**Problem description**
Return, from the lines below, each one that includes the word "rewrite".

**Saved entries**
-*-
Lemma fragmentable_rel_nowhere_dense f F eps : fragmentable f -> 0 < eps ->
  rel_nowhere_dense F (F `&` ~` small_oscillation f F eps).
Proof.
move=> frag eps0; split=> [x []//|_ [V oV ->] [y [Vy Fy]] VFsub].
have clVF0 : closure (V `&` F) !=set0 by exists y; apply: subset_closure.
have [U [oU [z [Uz clVFz]] [d deps dU]]] :=
  frag eps eps0 _ (@closed_closure _ _) clVF0.
have [w [[Vw Fw] Uw]] := clVFz U (open_nbhs_nbhs (conj oU Uz)).
have [clw _] := VFsub w (conj Vw Fw).
have [v [[Fv nosc] [Uv Vv]]] :=
  clw (U `&` V) (open_nbhs_nbhs (conj (openI oU oV) (conj Uw Vw))).
apply: nosc; exists (U `&` V); split => //; first exact: openI.
exists d => // a b [p [[Up Vp] Fp] <-] [q [[Uq Vq] Fq] <-].
by apply: dU; [exists p | exists q] => //; split => //; apply: subset_closure.
Qed.

Lemma small_oscillation_cvg f F x : F x ->
  (forall n, small_oscillation f F n.+1%:R^-1 x) -> f @ within F (nbhs x) --> f x.
Proof.
move=> Fx osc; apply/cvgrPdist_lt => e e0.
have [n ne] := exists_natSinv_lt e0.
have [U [oU Ux [d dn dU]]] := osc n.
rewrite near_withinE; apply: filterS (open_nbhs_nbhs (conj oU Ux)) => t Ut Ft.
apply: le_lt_trans (lt_trans dn ne).
by apply: dU; [exists x | exists t].
Qed.

Lemma hereditarily_Baire_fragmentable_PCP :
  @hereditarily_Baire T -> forall f, fragmentable f -> PCP f.
Proof.
move=> hB f frag F cF F0.
have ndN (n : nat) := fragmentable_rel_nowhere_dense F frag (natSinv_gt0 R n).
have [x Fx osc] := Baire_on_avoid_meager (hB F cF F0) F0 ndN.
exists x => //; apply: small_oscillation_cvg => // n.
by apply: contrapT => nosc; apply: (osc n).
Qed.

Lemma hereditarily_Baire_Lebesgue_fragmentable :
  @hereditarily_Baire T -> forall f, Lebesgue_property f -> fragmentable f.
Proof.
move=> hB f Leb e e0 K cK K0.
have [X_ [cX covX dX]] := Leb (e / 2) (divr_gt0 e0 (ltr0Sn R 1)).
have [n ndn] : exists n, ~ rel_nowhere_dense K (K `&` X_ n).
  apply/existsNP => ndX.
  have [x Kx nX] := Baire_on_avoid_meager (hB K cK K0) K0 ndX.
  have : [set: T] x by [].
  by rewrite -covX => -[m _ Xmx]; apply: (nX m).
have [V [oV VK0 VKcl]] := not_rel_nowhere_dense (@subIsetl _ K (X_ n)) ndn.
have VKX : V `&` K `<=` X_ n.
  move=> x /VKcl clx; rewrite (closure_id (X_ n)).1 //.
  exact: closureS (@subIsetr _ K (X_ n)) _ clx.
exists V; split => //; exists (e / 2); first by rewrite ltr_pdivrMr // ltr_pMr // ltr1n.
exact: diam_leS (image_subset f VKX) (lexx _) (dX n).
Qed.

End Oscillation.

Section NonBaire.
Context {T : topologicalType}.

Definition non_Baire_witness (E : set T) (D : (set T)^nat) :=
  [/\ closed E, E !=set0, forall n, closed (D n), E `<=` \bigcup_n D n &
      forall n W, open W -> W `&` E !=set0 -> exists y, [/\ W y, E y & ~ D n y]].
-*-
**Exercise output**
rewrite near_withinE; apply: filterS (open_nbhs_nbhs (conj oU Ux)) => t Ut Ft.
  by rewrite -covX => -[m _ Xmx]; apply: (nX m).
  move=> x /VKcl clx; rewrite (closure_id (X_ n)).1 //.
exists V; split => //; exists (e / 2); first by rewrite ltr_pdivrMr // ltr_pMr // ltr1n.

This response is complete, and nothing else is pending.